* [Your instructions] Whenever a line in the data below includes the string "ltac", copy it out.

* [Task data]
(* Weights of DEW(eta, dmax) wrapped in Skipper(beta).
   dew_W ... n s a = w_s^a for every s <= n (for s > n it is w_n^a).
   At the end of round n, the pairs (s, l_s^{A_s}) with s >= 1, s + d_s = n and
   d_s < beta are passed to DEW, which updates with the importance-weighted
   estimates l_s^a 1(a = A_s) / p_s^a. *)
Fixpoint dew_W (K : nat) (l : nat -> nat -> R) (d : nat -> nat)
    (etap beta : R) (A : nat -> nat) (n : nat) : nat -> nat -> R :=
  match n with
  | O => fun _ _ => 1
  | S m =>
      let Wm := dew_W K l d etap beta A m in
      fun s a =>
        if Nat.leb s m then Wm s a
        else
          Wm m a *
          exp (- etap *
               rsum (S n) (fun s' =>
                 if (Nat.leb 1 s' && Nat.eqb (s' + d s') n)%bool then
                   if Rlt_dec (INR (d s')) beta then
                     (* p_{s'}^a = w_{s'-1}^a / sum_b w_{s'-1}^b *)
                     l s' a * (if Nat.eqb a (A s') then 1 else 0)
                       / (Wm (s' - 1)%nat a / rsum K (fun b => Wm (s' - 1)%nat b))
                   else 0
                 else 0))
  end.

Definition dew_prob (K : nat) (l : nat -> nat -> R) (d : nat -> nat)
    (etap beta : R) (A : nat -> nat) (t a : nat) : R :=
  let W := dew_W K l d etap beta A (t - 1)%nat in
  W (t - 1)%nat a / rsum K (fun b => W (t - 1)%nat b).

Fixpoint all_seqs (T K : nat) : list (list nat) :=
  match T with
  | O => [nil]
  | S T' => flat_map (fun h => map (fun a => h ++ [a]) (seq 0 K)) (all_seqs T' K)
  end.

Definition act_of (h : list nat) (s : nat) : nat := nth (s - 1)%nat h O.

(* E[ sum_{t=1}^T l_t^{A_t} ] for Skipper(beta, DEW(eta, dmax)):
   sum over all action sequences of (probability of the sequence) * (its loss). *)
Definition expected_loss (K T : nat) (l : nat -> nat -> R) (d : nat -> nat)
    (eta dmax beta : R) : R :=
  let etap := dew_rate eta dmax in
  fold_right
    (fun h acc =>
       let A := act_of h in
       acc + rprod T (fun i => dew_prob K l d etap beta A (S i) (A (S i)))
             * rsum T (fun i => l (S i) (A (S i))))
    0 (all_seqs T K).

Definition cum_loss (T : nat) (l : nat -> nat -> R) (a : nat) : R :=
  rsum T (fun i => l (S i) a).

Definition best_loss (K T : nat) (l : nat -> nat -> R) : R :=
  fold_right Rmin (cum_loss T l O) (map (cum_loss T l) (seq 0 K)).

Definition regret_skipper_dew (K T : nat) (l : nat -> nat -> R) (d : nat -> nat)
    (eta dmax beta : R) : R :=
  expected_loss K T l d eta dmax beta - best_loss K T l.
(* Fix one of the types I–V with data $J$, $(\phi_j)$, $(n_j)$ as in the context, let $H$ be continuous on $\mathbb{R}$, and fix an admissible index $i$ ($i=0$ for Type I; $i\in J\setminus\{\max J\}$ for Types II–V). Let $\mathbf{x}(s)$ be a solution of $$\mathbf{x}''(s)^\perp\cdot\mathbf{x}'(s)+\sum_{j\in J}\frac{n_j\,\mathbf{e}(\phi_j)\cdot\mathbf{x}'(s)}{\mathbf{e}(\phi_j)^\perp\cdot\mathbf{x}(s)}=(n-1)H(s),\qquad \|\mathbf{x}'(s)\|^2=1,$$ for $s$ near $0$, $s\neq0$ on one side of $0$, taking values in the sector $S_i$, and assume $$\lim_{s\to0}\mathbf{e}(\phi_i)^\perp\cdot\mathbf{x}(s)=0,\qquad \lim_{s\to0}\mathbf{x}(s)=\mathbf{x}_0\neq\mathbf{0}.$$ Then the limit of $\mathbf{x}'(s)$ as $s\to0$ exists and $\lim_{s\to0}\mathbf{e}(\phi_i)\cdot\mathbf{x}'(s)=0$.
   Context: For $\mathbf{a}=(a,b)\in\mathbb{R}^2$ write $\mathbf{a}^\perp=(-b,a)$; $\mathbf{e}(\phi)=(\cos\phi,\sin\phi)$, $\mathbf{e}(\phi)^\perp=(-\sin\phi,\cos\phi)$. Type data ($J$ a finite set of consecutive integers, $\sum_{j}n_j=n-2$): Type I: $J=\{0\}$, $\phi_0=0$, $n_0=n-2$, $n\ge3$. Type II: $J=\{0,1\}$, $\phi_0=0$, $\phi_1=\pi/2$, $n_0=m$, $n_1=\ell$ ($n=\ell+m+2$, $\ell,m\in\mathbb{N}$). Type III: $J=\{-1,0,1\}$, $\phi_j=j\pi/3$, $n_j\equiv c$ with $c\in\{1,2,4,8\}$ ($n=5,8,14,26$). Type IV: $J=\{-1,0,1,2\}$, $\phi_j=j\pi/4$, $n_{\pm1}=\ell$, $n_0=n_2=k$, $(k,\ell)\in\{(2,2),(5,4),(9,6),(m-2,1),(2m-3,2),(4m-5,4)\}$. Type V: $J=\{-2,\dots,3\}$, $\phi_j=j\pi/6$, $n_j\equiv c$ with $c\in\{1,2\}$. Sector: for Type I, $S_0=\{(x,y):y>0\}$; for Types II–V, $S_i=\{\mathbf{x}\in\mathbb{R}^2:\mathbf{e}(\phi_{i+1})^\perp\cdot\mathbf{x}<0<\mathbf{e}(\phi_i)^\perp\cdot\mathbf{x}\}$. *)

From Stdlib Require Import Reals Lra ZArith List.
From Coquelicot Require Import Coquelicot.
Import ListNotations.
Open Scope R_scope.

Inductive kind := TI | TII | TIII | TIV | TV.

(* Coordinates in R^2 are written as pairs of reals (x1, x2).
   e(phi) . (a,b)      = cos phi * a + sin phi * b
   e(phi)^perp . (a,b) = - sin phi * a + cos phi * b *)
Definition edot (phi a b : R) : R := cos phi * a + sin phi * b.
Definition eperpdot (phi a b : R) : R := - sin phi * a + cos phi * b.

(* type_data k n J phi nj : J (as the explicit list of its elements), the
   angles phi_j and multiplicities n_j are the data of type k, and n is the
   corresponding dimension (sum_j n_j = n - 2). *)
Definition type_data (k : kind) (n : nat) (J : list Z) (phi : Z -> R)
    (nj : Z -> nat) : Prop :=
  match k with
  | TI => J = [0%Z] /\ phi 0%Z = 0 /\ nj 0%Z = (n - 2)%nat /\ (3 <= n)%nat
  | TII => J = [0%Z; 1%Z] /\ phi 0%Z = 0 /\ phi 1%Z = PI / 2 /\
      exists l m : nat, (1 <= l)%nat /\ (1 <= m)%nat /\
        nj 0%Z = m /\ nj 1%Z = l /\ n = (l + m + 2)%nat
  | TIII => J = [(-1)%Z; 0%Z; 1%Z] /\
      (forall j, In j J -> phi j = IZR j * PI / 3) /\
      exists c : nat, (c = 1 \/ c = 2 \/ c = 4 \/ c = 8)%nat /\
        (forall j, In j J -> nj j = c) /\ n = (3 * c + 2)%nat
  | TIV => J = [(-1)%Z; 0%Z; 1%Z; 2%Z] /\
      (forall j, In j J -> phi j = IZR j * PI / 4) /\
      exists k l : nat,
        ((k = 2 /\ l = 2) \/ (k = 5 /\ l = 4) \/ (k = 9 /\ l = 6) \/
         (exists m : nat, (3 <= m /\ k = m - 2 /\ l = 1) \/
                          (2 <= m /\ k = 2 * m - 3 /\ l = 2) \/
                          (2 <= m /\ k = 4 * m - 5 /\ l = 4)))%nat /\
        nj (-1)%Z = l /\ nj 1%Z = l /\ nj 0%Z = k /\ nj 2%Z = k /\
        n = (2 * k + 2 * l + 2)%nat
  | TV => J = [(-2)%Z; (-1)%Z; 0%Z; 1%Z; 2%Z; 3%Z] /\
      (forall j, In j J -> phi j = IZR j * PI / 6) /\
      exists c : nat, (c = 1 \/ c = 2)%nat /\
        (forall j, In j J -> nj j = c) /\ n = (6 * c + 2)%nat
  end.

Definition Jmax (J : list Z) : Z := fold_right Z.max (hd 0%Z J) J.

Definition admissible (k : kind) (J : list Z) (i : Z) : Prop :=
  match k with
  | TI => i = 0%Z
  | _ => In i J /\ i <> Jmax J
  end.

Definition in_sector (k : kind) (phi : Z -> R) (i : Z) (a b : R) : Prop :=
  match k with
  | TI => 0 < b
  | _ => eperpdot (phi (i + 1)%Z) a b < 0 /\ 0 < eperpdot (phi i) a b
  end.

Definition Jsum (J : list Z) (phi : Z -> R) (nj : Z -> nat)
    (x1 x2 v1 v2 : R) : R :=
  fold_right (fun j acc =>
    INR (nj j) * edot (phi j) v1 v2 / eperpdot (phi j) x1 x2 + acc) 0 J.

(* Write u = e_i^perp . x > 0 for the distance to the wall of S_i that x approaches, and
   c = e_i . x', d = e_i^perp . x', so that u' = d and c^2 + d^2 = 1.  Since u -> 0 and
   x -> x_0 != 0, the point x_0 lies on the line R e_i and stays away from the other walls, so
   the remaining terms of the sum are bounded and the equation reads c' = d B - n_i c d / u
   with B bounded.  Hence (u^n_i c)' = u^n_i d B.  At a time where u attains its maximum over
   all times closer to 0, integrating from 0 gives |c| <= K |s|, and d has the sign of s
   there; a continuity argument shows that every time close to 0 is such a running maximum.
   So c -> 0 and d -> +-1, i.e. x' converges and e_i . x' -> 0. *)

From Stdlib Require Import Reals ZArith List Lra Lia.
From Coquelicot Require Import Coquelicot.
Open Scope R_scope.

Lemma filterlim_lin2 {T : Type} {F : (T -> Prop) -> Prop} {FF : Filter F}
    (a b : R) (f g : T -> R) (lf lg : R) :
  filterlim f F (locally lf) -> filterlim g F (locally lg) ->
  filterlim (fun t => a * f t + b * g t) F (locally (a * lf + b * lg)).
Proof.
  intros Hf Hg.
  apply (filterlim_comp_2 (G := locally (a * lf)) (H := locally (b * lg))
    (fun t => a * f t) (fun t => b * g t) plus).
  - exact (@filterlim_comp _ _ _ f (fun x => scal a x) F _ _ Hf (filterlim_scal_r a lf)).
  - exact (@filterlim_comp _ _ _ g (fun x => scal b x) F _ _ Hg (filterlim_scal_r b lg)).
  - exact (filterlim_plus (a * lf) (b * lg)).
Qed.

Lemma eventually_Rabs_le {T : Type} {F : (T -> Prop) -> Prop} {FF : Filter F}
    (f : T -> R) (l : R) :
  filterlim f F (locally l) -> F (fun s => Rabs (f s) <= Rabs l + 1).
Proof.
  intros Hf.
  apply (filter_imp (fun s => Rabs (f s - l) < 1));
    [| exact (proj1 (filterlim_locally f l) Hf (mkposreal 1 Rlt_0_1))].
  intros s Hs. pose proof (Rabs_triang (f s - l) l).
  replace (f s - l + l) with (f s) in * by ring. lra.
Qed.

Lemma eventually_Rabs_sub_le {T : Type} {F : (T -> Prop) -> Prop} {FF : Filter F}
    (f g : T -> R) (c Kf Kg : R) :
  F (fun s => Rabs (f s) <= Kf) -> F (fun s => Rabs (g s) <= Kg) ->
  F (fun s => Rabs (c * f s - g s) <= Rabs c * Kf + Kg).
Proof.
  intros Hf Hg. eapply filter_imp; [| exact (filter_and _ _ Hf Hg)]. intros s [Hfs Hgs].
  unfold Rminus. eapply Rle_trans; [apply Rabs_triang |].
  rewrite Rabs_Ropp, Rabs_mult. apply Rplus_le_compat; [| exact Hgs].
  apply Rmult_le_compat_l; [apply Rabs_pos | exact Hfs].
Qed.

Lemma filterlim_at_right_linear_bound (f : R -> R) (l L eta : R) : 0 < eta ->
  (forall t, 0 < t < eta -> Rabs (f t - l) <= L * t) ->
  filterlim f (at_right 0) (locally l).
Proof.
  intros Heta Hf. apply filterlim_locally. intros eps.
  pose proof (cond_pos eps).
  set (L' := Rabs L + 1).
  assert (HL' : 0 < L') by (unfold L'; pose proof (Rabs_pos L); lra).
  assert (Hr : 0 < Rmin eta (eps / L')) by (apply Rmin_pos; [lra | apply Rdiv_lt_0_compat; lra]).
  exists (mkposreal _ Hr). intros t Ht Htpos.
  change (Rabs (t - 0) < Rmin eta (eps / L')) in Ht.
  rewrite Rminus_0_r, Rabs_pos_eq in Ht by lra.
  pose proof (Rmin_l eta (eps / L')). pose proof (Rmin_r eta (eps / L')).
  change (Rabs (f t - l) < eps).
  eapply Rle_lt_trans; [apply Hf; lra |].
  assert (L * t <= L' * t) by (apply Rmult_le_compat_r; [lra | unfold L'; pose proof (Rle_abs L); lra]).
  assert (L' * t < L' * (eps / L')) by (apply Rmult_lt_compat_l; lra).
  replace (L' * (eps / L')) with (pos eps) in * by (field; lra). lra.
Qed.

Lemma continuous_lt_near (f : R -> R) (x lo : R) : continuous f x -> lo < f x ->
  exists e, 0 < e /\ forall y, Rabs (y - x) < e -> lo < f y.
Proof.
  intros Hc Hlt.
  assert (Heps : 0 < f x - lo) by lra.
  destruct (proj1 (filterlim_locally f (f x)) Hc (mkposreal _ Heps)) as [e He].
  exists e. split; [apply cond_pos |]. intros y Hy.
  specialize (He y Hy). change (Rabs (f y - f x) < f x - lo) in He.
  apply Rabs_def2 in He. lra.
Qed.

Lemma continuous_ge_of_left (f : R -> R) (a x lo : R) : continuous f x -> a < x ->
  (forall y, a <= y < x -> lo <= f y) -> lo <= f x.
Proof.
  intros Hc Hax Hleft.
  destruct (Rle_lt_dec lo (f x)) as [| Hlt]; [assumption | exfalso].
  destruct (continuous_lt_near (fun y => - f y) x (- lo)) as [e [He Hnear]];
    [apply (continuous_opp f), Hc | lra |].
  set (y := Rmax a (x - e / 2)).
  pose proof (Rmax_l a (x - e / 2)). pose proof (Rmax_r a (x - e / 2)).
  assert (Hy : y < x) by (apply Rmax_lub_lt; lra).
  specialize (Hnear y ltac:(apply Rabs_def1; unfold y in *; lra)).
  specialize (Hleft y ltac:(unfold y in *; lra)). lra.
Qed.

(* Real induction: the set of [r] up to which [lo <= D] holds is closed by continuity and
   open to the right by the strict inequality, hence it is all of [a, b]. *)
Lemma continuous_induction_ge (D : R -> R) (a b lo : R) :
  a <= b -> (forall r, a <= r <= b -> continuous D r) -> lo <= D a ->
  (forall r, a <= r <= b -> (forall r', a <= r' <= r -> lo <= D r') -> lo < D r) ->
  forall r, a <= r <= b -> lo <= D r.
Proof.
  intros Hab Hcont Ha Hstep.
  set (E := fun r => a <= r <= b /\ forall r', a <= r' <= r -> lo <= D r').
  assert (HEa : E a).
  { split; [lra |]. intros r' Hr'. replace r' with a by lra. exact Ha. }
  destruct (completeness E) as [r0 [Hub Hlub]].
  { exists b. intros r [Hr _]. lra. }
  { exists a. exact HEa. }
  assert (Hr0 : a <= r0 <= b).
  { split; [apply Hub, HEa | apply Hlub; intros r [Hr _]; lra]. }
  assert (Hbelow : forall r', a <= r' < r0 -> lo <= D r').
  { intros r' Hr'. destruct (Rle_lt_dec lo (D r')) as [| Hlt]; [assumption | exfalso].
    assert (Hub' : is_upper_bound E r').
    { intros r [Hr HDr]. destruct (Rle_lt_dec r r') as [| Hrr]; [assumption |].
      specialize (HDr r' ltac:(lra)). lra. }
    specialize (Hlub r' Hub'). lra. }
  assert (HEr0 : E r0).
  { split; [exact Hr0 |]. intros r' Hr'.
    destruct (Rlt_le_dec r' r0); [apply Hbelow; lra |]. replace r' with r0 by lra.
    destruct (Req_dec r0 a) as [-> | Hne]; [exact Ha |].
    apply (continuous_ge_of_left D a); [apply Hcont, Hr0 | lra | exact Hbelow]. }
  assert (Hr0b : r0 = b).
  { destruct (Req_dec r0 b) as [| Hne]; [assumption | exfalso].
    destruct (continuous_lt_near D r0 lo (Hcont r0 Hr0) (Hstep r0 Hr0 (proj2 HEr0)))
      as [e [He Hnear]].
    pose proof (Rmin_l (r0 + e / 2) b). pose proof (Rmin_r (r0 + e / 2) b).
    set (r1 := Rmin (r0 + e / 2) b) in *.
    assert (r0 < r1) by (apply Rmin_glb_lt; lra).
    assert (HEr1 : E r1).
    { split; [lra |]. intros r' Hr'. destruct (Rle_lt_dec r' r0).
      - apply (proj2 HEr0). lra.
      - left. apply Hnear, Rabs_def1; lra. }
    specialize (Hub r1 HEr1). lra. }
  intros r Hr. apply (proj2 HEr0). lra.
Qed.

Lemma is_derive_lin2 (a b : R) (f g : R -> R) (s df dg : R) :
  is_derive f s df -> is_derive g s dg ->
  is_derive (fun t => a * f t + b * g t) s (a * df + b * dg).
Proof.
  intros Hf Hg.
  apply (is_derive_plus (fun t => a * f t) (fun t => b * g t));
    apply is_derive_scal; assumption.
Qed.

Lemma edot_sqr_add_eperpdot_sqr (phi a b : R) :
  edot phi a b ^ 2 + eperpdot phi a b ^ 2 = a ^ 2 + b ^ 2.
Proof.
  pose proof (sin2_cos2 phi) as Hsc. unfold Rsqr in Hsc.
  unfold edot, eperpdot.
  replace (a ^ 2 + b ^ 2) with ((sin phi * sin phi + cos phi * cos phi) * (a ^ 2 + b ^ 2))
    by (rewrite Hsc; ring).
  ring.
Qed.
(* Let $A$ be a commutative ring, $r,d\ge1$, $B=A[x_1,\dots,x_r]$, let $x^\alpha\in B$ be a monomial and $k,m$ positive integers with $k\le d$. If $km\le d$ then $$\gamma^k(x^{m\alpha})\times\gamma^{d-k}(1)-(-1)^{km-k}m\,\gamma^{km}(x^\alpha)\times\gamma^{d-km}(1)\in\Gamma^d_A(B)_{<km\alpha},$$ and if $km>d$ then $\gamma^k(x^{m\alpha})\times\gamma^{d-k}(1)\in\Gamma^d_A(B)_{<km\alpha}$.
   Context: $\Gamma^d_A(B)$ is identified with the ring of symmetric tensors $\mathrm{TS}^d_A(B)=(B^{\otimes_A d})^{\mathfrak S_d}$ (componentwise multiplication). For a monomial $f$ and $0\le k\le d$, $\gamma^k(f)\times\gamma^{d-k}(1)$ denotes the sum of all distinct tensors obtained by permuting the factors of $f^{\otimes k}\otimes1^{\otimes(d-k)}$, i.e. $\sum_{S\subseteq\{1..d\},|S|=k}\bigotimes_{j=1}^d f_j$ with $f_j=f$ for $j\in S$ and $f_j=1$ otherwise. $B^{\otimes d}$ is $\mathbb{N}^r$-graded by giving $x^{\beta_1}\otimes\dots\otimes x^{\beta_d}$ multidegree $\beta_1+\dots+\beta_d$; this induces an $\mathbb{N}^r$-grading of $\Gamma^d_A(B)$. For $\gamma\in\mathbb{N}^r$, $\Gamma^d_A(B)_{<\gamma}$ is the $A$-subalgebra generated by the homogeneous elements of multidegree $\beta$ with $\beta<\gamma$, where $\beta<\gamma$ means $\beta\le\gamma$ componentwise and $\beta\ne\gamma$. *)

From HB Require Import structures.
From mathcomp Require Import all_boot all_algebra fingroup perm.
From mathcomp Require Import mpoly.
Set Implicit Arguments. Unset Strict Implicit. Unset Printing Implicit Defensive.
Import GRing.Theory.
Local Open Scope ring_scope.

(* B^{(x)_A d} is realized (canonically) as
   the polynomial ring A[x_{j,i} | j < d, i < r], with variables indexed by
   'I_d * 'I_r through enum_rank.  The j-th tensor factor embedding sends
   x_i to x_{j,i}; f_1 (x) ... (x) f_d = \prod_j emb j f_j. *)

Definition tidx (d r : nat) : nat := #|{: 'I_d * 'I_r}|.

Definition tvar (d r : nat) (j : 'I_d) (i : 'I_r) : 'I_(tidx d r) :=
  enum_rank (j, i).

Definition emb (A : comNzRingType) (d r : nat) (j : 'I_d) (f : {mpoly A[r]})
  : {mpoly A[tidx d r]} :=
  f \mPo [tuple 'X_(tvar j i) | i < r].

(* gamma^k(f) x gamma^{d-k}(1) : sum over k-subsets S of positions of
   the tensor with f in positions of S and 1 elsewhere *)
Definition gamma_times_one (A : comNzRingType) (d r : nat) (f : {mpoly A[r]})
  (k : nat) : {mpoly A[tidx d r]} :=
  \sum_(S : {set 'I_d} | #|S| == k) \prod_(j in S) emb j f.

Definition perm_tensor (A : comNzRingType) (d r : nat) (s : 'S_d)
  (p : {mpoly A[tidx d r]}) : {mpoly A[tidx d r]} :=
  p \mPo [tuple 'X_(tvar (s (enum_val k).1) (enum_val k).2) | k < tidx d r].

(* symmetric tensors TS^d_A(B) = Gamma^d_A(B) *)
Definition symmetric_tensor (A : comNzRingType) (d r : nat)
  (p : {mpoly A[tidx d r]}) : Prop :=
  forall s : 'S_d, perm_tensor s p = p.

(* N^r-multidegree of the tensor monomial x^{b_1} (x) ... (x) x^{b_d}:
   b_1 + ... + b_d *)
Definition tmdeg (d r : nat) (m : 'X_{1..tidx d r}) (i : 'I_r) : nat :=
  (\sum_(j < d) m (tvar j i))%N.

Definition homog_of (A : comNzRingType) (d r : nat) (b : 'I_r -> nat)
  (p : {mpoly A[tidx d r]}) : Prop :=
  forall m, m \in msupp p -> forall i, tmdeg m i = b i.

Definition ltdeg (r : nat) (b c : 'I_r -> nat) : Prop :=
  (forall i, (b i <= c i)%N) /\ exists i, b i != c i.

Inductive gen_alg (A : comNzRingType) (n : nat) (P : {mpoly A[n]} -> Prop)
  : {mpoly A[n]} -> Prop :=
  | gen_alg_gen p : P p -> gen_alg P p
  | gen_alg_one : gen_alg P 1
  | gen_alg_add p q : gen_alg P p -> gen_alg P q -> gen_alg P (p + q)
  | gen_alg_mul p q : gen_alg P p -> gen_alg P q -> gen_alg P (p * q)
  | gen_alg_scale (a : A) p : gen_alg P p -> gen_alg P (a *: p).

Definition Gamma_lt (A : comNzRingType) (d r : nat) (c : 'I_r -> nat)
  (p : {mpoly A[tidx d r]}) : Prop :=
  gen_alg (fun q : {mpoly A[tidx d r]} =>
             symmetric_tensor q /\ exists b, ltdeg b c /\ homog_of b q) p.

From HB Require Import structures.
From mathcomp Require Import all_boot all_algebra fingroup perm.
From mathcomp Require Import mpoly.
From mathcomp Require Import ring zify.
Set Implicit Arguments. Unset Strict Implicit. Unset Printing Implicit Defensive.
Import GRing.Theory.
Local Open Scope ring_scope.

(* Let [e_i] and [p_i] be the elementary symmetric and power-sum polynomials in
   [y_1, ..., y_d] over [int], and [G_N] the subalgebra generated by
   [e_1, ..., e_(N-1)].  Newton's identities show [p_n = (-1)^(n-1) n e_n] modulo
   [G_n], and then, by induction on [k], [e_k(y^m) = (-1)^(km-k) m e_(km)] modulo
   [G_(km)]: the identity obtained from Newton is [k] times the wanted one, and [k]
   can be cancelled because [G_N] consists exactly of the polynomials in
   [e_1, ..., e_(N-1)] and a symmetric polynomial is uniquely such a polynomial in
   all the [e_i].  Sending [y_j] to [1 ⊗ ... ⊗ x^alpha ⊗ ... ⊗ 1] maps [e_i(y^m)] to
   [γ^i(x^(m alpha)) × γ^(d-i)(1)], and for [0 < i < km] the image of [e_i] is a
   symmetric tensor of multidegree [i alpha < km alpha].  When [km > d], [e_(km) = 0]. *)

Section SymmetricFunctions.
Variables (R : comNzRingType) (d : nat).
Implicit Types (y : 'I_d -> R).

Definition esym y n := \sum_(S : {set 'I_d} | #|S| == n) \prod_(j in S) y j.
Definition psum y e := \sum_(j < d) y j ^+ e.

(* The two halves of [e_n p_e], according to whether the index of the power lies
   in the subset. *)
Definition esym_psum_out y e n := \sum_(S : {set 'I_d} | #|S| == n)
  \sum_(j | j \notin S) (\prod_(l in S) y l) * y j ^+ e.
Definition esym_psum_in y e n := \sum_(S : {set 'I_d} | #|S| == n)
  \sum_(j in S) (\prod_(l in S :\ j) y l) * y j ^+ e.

* [Task response]
  specialize (Hnear y ltac:(apply Rabs_def1; unfold y in *; lra)).
  specialize (Hleft y ltac:(unfold y in *; lra)). lra.
      specialize (HDr r' ltac:(lra)). lra. }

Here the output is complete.